The release of Georges Abdallah was decided on July 17, after more than 40 years of detention. And even if we will only be truly relieved when Georges arrives in his native Lebanon, the event compels us to say a few words.
When the campaign for Georges Abdallah’s release was launched over 20 years ago, the various structures of the International Red Help could not have imagined the length of a struggle that would become formative for us, although it began with just a few modest actions aimed simply at making Georges and his cause known.
The mobilization campaign seemed to follow the usual pattern. First spreading within revolutionary circles, it eventually reached broader forces of the reformist and democratic left. This expansion, reflected in hundreds of demonstrations and thousands of initiatives, can be explained by three elements:
- Firstly, by the obviously political nature of Georges’s detention. We won’t revisit every episode in which the French justice system trampled on all the values, rules, and principles it claims to uphold—starting with the separation of powers—in order to prolong this detention as an expression of the French state’s support and complicity for Zionist and imperialist aggression.
- Secondly, by those very Zionist and imperialist aggressions, those endless massacres of which the ongoing genocide in Gaza is only the latest example. This string of tragedies constantly reminded us over the years of the legitimacy of the Palestinian resistance to which Georges belongs.
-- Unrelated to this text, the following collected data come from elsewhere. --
(* Suppose Assumption A2 holds. Then for any $\boldsymbol{\alpha}\in\mathcal{A}$, $\Phi(\cdot\,;\boldsymbol{\alpha})$ is $\mu_\Phi$-strongly concave on $\mathcal{X}$, where $\mu_\Phi:=\frac{\epsilon+\mu M_{\min}}{2}$ and $M_{\min}=\min_{r=1,\dots,n} M_r$, with $M_r$ the number of links that user $r$ exclusively occupies (links in $\mathcal{L}_r$ used by no other user).
   Context: Network: $n$ users, a finite set of links $\mathcal{L}$; user $r$ uses the set of links $\mathcal{L}_r\subseteq\mathcal{L}$. For each user $r$, a true utility $\widetilde U_r:\mathbb{R}_{>0}\to\mathbb{R}$ and a surrogate utility $U_r(x;\alpha_r)$ ($x>0$, $\alpha_r\in\mathbb{R}$), twice continuously differentiable. Each link $l$ has a twice continuously differentiable $B_l:\mathbb{R}\to\mathbb{R}$. Fix $\epsilon>0$; $\mathcal{A}=\mathcal{A}_1\times\dots\times\mathcal{A}_n$, each $\mathcal{A}_r\subset\mathbb{R}$ closed, convex, bounded. Define $\Phi(\mathbf{x};\boldsymbol{\alpha}) = \sum_{r=1}^n (U_r(x_r;\alpha_r) -\frac{\epsilon x_r^2}{2})-\sum_{l\in\mathcal{L}}B_l(\sum_{i:l\in\mathcal{L}_i}x_i)$. Given constants $0<\delta<b$, let $\mathcal{X}=\{\mathbf{x}:\delta/2<x_r<2b,\ r=1,\dots,n\}$. Assumption A2: for all $\boldsymbol{\alpha}\in\mathcal{A}$, $\mathbf{x}\in\mathcal{X}$: $U_r(\cdot;\alpha_r)$ is concave and each $B_l$ is $\mu$-strongly convex; $\widetilde U_r$, $\nabla\widetilde U_r$, $\nabla_xU_r$, $\nabla_\alpha\nabla_xU_r$, $\nabla_x^2U_r$ are $L_u$-Lipschitz; $\nabla B_l$ and $\nabla^2 B_l$ are $L_b$-Lipschitz. *)

From Stdlib Require Import Reals Lra List Bool.
From Coquelicot Require Import Coquelicot.
Import ListNotations.
Open Scope R_scope.
Open Scope bool_scope.

Fixpoint sumR (k : nat) (f : nat -> R) : R :=
  match k with
  | O => 0
  | S k' => sumR k' f + f k'
  end.

Definition convex_set (S : R -> Prop) : Prop :=
  forall y z t, S y -> S z -> 0 <= t <= 1 -> S (t * y + (1 - t) * z).

Definition bounded_set (S : R -> Prop) : Prop :=
  exists M, forall y, S y -> Rabs y <= M.

Definition concave_on (S : R -> Prop) (f : R -> R) : Prop :=
  forall y z t, S y -> S z -> 0 <= t <= 1 ->
    t * f y + (1 - t) * f z <= f (t * y + (1 - t) * z).

Definition strongly_convex_on (mu : R) (S : R -> Prop) (f : R -> R) : Prop :=
  forall y z t, S y -> S z -> 0 <= t <= 1 ->
    f (t * y + (1 - t) * z)
      <= t * f y + (1 - t) * f z - mu / 2 * t * (1 - t) * (y - z) ^ 2.

Definition lipschitz_on (L : R) (S : R -> Prop) (f : R -> R) : Prop :=
  forall y z, S y -> S z -> Rabs (f y - f z) <= L * Rabs (y - z).

Definition C2_on (D : R -> Prop) (f : R -> R) : Prop :=
  forall y, D y ->
    ex_derive f y /\ ex_derive (Derive f) y /\
    continuous f y /\ continuous (Derive f) y /\ continuous (Derive_n f 2) y.

Definition dx (f : R -> R -> R) : R -> R -> R := fun x a => Derive (fun y => f y a) x.
Definition da (f : R -> R -> R) : R -> R -> R := fun x a => Derive (fun b => f x b) a.
Definition jcont (g : R -> R -> R) (x a : R) : Prop :=
  continuous (fun p : R * R => g (fst p) (snd p)) (x, a).

Definition C2_xa_on (D : R -> Prop) (f : R -> R -> R) : Prop :=
  forall x a, D x ->
    ex_derive (fun y => f y a) x /\ ex_derive (fun b => f x b) a /\
    ex_derive (fun y => dx f y a) x /\ ex_derive (fun b => dx f x b) a /\
    ex_derive (fun y => da f y a) x /\ ex_derive (fun b => da f x b) a /\
    jcont f x a /\ jcont (dx f) x a /\ jcont (da f) x a /\
    jcont (dx (dx f)) x a /\ jcont (da (dx f)) x a /\
    jcont (dx (da f)) x a /\ jcont (da (da f)) x a.

(* Users are 0..n-1, links are 0..m-1; [uses i l] means link l ∈ L_i. *)

Definition load (n : nat) (uses : nat -> nat -> bool) (l : nat) (x : nat -> R) : R :=
  sumR n (fun i => if uses i l then x i else 0).

Definition Phi (n m : nat) (uses : nat -> nat -> bool)
  (U : nat -> R -> R -> R) (B : nat -> R -> R) (eps : R)
  (x alpha : nat -> R) : R :=
  sumR n (fun r => U r (x r) (alpha r) - eps * (x r) ^ 2 / 2)
  - sumR m (fun l => B l (load n uses l x)).

Definition inX (n : nat) (delta b : R) (x : nat -> R) : Prop :=
  forall r, (r < n)%nat -> delta / 2 < x r < 2 * b.

Definition Mexcl (n m : nat) (uses : nat -> nat -> bool) (r : nat) : nat :=
  length (filter (fun l => uses r l &&
             forallb (fun i => Nat.eqb i r || negb (uses i l)) (seq 0 n))
          (seq 0 m)).

(* M_min = min_{r=1..n} M_r  (for n = 0 the value is irrelevant) *)
Definition Mmin (n m : nat) (uses : nat -> nat -> bool) : nat :=
  fold_right (fun r acc => Nat.min (Mexcl n m uses r) acc)
             (Mexcl n m uses 0) (seq 0 n).

Definition sqdist (n : nat) (x y : nat -> R) : R :=
  sumR n (fun r => (x r - y r) ^ 2).

Definition strongly_concave_on_vec (n : nat) (mu : R) (S : (nat -> R) -> Prop)
  (F : (nat -> R) -> R) : Prop :=
  forall x y t, S x -> S y -> 0 <= t <= 1 ->
    t * F x + (1 - t) * F y + mu / 2 * t * (1 - t) * sqdist n x y
      <= F (fun r => t * x r + (1 - t) * y r).

(* Phi splits into the separable utility part and the link-cost part.  Each
   term [U r y a - eps y^2/2] is eps-strongly concave in y, so the utility part
   is eps-strongly concave.  Each [B l] is mu-strongly convex, so the cost part
   loses at least [mu/2 t(1-t) (load_l x - load_l y)^2] per link; a link used by
   user r alone has [load_l x - load_l y = x_r - y_r], so summing over links
   gives at least [mu/2 t(1-t) M_min |x - y|^2].  Hence Phi is even
   (eps + mu M_min)-strongly concave, which implies the claimed modulus. *)
From Stdlib Require Import Reals Lra List Lia Classical Bool.
From Coquelicot Require Import Coquelicot.
Open Scope R_scope.

Lemma sumR_ext k f g :
  (forall i, (i < k)%nat -> f i = g i) -> sumR k f = sumR k g.
Proof.
  induction k as [|k IH]; simpl; intros Hfg; [reflexivity|].
  rewrite IH, Hfg; [reflexivity | lia | intros; apply Hfg; lia].
Qed.

Lemma sumR_le k f g :
  (forall i, (i < k)%nat -> f i <= g i) -> sumR k f <= sumR k g.
Proof.
  induction k as [|k IH]; simpl; intros Hfg; [lra|].
  apply Rplus_le_compat; [apply IH; intros; apply Hfg; lia | apply Hfg; lia].
Qed.

Lemma sumR_add k f g : sumR k (fun i => f i + g i) = sumR k f + sumR k g.
Proof. induction k as [|k IH]; simpl; [ring|]. rewrite IH. ring. Qed.

Lemma sumR_scal k c f : sumR k (fun i => c * f i) = c * sumR k f.
Proof. induction k as [|k IH]; simpl; [ring|]. rewrite IH. ring. Qed.

Lemma sumR_opp k f : sumR k (fun i => - f i) = - sumR k f.
Proof. induction k as [|k IH]; simpl; [ring|]. rewrite IH. ring. Qed.

Lemma sumR_eq0 k f : (forall i, (i < k)%nat -> f i = 0) -> sumR k f = 0.
Proof.
  intros Hf. rewrite (sumR_ext k f (fun i => 0 * 0)) by (intros; rewrite Hf; [ring | lia]).
  rewrite sumR_scal. ring.
Qed.

Lemma sumR_ge0 k f : (forall i, (i < k)%nat -> 0 <= f i) -> 0 <= sumR k f.
Proof. intros Hf. rewrite <- (sumR_eq0 k (fun _ => 0)) by auto. now apply sumR_le. Qed.

Lemma sumR_single k f i0 :
  (i0 < k)%nat -> (forall i, (i < k)%nat -> i <> i0 -> f i = 0) -> sumR k f = f i0.
Proof.
  induction k as [|k IH]; simpl; intros Hi0 Hf; [lia|].
  destruct (Nat.eq_dec i0 k) as [->|Hne].
  - rewrite sumR_eq0 by (intros; apply Hf; lia). ring.
  - rewrite IH, (Hf k) by (try intros; try apply Hf; lia). ring.
Qed.

Lemma sumR_swap m n (f : nat -> nat -> R) :
  sumR m (fun l => sumR n (fun r => f r l)) = sumR n (fun r => sumR m (fun l => f r l)).
Proof.
  induction m as [|m IH]; simpl.
  - symmetry. now apply sumR_eq0.
  - now rewrite IH, sumR_add.
Qed.

Lemma sumR_indicator m (p : nat -> bool) c :
  sumR m (fun l => if p l then c else 0) = c * INR (length (filter p (seq 0 m))).
Proof.
  induction m as [|m IH]; [simpl; ring|]. cbn [sumR].
  rewrite seq_S, filter_app, length_app, plus_INR, IH.
  simpl. destruct (p m); simpl; ring.
Qed.

Lemma sqdist_ge0 n x y : 0 <= sqdist n x y.
Proof. apply sumR_ge0. intros. apply pow2_ge_0. Qed.

Lemma strongly_concave_on_vec_weaken n mu mu' S F :
  mu' <= mu -> strongly_concave_on_vec n mu S F -> strongly_concave_on_vec n mu' S F.
Proof.
  intros Hmu HF x y t Hx Hy Ht. specialize (HF x y t Hx Hy Ht).
  assert (0 <= t * (1 - t) * sqdist n x y)
    by (apply Rmult_le_pos; [nra | apply sqdist_ge0]).
  nra.
Qed.

Lemma strongly_concave_on_vec_add n mu1 mu2 S F G :
  strongly_concave_on_vec n mu1 S F -> strongly_concave_on_vec n mu2 S G ->
  strongly_concave_on_vec n (mu1 + mu2) S (fun x => F x + G x).
Proof.
  intros HF HG x y t Hx Hy Ht.
  specialize (HF x y t Hx Hy Ht). specialize (HG x y t Hx Hy Ht). nra.
Qed.

Lemma concave_sub_sqr_strongly_convex_opp eps S f :
  concave_on S f -> strongly_convex_on eps S (fun y => - (f y - eps * y ^ 2 / 2)).
Proof.
  intros Hf y z t Hy Hz Ht. specialize (Hf y z t Hy Hz Ht). nra.
Qed.

Lemma strongly_concave_on_vec_separable n mu (I : R -> Prop) (g : nat -> R -> R) :
  (forall r, (r < n)%nat -> strongly_convex_on mu I (fun y => - g r y)) ->
  strongly_concave_on_vec n mu (fun x => forall r, (r < n)%nat -> I (x r))
    (fun x => sumR n (fun r => g r (x r))).
Proof.
  intros Hg x y t Hx Hy Ht. unfold sqdist.
  rewrite <- !sumR_scal, <- !sumR_add.
  apply sumR_le. intros r Hr.
  specialize (Hg r Hr (x r) (y r) t (Hx r Hr) (Hy r Hr) Ht). simpl in Hg. lra.
Qed.

Definition exclusive n (uses : nat -> nat -> bool) r l : bool :=
  uses r l && forallb (fun i => Nat.eqb i r || negb (uses i l)) (seq 0 n).

Lemma Mexcl_exclusive n m uses r :
  Mexcl n m uses r = length (filter (exclusive n uses r) (seq 0 m)).
Proof. reflexivity. Qed.

Lemma exclusive_others_unused n uses r l i :
  exclusive n uses r l = true -> (i < n)%nat -> i <> r -> uses i l = false.
Proof.
  unfold exclusive. intros [_ Hall]%andb_prop Hi Hne.
  rewrite forallb_forall in Hall.
  destruct (orb_prop _ _ (Hall i (proj2 (in_seq _ _ _) (conj (Nat.le_0_l _) Hi))))
    as [Heq | Hunused].
  - apply Nat.eqb_eq in Heq. contradiction.
  - now apply negb_true_iff.
Qed.

Lemma Mmin_le n m uses r : (r < n)%nat -> (Mmin n m uses <= Mexcl n m uses r)%nat.
Proof.
  intros Hr. unfold Mmin.
  assert (Hin : In r (seq 0 n)) by (apply in_seq; lia). revert Hin.
  generalize (seq 0 n). intros s. induction s as [|r' s IH]; simpl; [tauto|].
  intros [->|Hin]; [lia|]. specialize (IH Hin). lia.
Qed.

Lemma load_convex_comb n uses l x y t :
  load n uses l (fun r => t * x r + (1 - t) * y r) =
  t * load n uses l x + (1 - t) * load n uses l y.
Proof.
  unfold load. rewrite <- !sumR_scal, <- sumR_add.
  apply sumR_ext. intros. destruct (uses i l); ring.
Qed.

Lemma load_sub n uses l x y :
  load n uses l x - load n uses l y = sumR n (fun i => if uses i l then x i - y i else 0).
Proof.
  unfold load, Rminus. rewrite <- sumR_opp, <- sumR_add.
  apply sumR_ext. intros. destruct (uses i l); ring.
Qed.

(* At most one user is exclusive on [l], and then it is the only summand. *)
Lemma sumR_exclusive_sqr_le n uses l (d : nat -> R) :
  sumR n (fun r => if exclusive n uses r l then d r ^ 2 else 0) <=
  (sumR n (fun i => if uses i l then d i else 0)) ^ 2.
Proof.
  destruct (classic (exists r0, (r0 < n)%nat /\ exclusive n uses r0 l = true))
    as [[r0 [Hr0 Hexcl]] | Hnone].
  - assert (Hothers : forall i, (i < n)%nat -> i <> r0 -> uses i l = false)
      by (intros; eapply exclusive_others_unused; eauto).
    rewrite !(sumR_single _ _ r0 Hr0).
    + rewrite Hexcl. replace (uses r0 l) with true by now apply andb_prop in Hexcl.
      lra.
    + intros i Hi Hne. now rewrite Hothers.
    + intros i Hi Hne. unfold exclusive. now rewrite Hothers.
  - rewrite sumR_eq0; [apply pow2_ge_0|].
    intros i Hi. destruct (exclusive n uses i l) eqn:E; [|reflexivity].
    exfalso. eauto.
Qed.

Lemma Mmin_sqdist_le_sumR_sqr_load n m uses x y :
  INR (Mmin n m uses) * sqdist n x y <=
  sumR m (fun l => (load n uses l x - load n uses l y) ^ 2).
Proof.
  apply Rle_trans with
    (sumR m (fun l => sumR n (fun r => if exclusive n uses r l then (x r - y r) ^ 2 else 0))).
  - rewrite sumR_swap. unfold sqdist. rewrite <- sumR_scal.
    apply sumR_le. intros r Hr.
    rewrite sumR_indicator, <- Mexcl_exclusive, Rmult_comm.
    apply Rmult_le_compat_l; [apply pow2_ge_0|].
    now apply le_INR, Mmin_le.
  - apply sumR_le. intros l Hl. rewrite load_sub. apply sumR_exclusive_sqr_le.
Qed.

Lemma link_cost_strongly_concave n m uses (B : nat -> R -> R) mu S :
  0 <= mu ->
  (forall l, (l < m)%nat ->
     strongly_convex_on mu (fun s => exists x, S x /\ s = load n uses l x) (B l)) ->
  strongly_concave_on_vec n (mu * INR (Mmin n m uses)) S
    (fun x => - sumR m (fun l => B l (load n uses l x))).
Proof.
  intros Hmu HB x y t Hx Hy Ht.
  assert (Hlinks :
    sumR m (fun l => B l (load n uses l (fun r => t * x r + (1 - t) * y r))) <=
    sumR m (fun l => t * B l (load n uses l x) + (1 - t) * B l (load n uses l y)
                     + - (mu / 2 * t * (1 - t)) * (load n uses l x - load n uses l y) ^ 2)).
  { apply sumR_le. intros l Hl. rewrite load_convex_comb.
    pose proof (HB l Hl _ _ t (ex_intro _ x (conj Hx eq_refl))
                  (ex_intro _ y (conj Hy eq_refl)) Ht).
    lra. }
  rewrite !sumR_add, !sumR_scal in Hlinks.
  pose proof (Mmin_sqdist_le_sumR_sqr_load n m uses x y).
  assert (0 <= mu / 2 * t * (1 - t)) by (apply Rmult_le_pos; nra).
  nra.
Qed.

Theorem proposition2
  (n m : nat) (uses : nat -> nat -> bool)
  (Ut : nat -> R -> R) (U : nat -> R -> R -> R) (B : nat -> R -> R)
  (eps mu Lu Lb delta b : R) (A : nat -> R -> Prop)
  (Heps : 0 < eps) (Hmu : 0 < mu) (Hdelta : 0 < delta) (Hdb : delta < b)
  (* regularity (standing assumptions) *)
  (HUt_C2 : forall r, (r < n)%nat -> C2_on (fun y => 0 < y) (Ut r))
  (HU_C2 : forall r, (r < n)%nat -> C2_xa_on (fun y => 0 < y) (U r))
  (HB_C2 : forall l, (l < m)%nat -> C2_on (fun _ => True) (B l))
  (* the parameter sets A_r: closed, convex, bounded *)
  (HA : forall r, (r < n)%nat ->
          closed (A r) /\ convex_set (A r) /\ bounded_set (A r))
  (* Assumption A2 *)
  (HA2_Uconc : forall r ar, (r < n)%nat -> A r ar ->
       concave_on (fun y => delta / 2 < y < 2 * b) (fun y => U r y ar))
  (HA2_Bsc : forall l, (l < m)%nat ->
       strongly_convex_on mu
         (fun s => exists x, inX n delta b x /\ s = load n uses l x) (B l))
  (HA2_Ut : forall r, (r < n)%nat ->
       lipschitz_on Lu (fun y => delta / 2 < y < 2 * b) (Ut r) /\
       lipschitz_on Lu (fun y => delta / 2 < y < 2 * b) (Derive (Ut r)))
  (HA2_U : forall r ar, (r < n)%nat -> A r ar ->
       lipschitz_on Lu (fun y => delta / 2 < y < 2 * b) (fun y => dx (U r) y ar) /\
       lipschitz_on Lu (fun y => delta / 2 < y < 2 * b) (fun y => da (dx (U r)) y ar) /\
       lipschitz_on Lu (fun y => delta / 2 < y < 2 * b) (fun y => dx (dx (U r)) y ar))
  (HA2_B : forall l, (l < m)%nat ->
       lipschitz_on Lb (fun s => exists x, inX n delta b x /\ s = load n uses l x)
         (Derive (B l)) /\
       lipschitz_on Lb (fun s => exists x, inX n delta b x /\ s = load n uses l x)
         (Derive_n (B l) 2)) :
  forall alpha : nat -> R, (forall r, (r < n)%nat -> A r (alpha r)) ->
    strongly_concave_on_vec n ((eps + mu * INR (Mmin n m uses)) / 2)
      (inX n delta b) (fun x => Phi n m uses U B eps x alpha).
Proof.
  intros alpha Halpha.
  assert (HM : 0 <= mu * INR (Mmin n m uses)) by (apply Rmult_le_pos; [lra | apply pos_INR]).
  apply strongly_concave_on_vec_weaken with (eps + mu * INR (Mmin n m uses)); [lra|].
  apply strongly_concave_on_vec_add.
  - apply (strongly_concave_on_vec_separable n eps (fun y => delta / 2 < y < 2 * b)
             (fun r y => U r y (alpha r) - eps * y ^ 2 / 2)).
    intros r Hr. apply concave_sub_sqr_strongly_convex_opp, HA2_Uconc; auto.
  - apply link_cost_strongly_concave; [lra | exact HA2_Bsc].
Qed.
- Lastly, by Georges’s own resistance—by the way he rejected every form of blackmail for repentance, by the way he endured every hardship of an interminable detention, and by the way he kept alive the historical propositions of the Arab revolutionary left: a free, secular, and democratic Palestine from the river to the sea. Moreover, he has always defended the liberation of Palestine as an integral part of the struggle for a communist and internationalist perspective.
This courage and determination were not only an encouragement to the movement demanding his release. Georges has offered multiple generations of militants a tremendous example of resistance—an active, daily resistance that not only stood firm in its positions but also knew how to connect with the struggles that emerged after his arrest.
Throughout all these years, Georges has nourished and inspired our struggles. So for all of that, with all our heart, thank you Georges Abdallah, thank you and welcome home.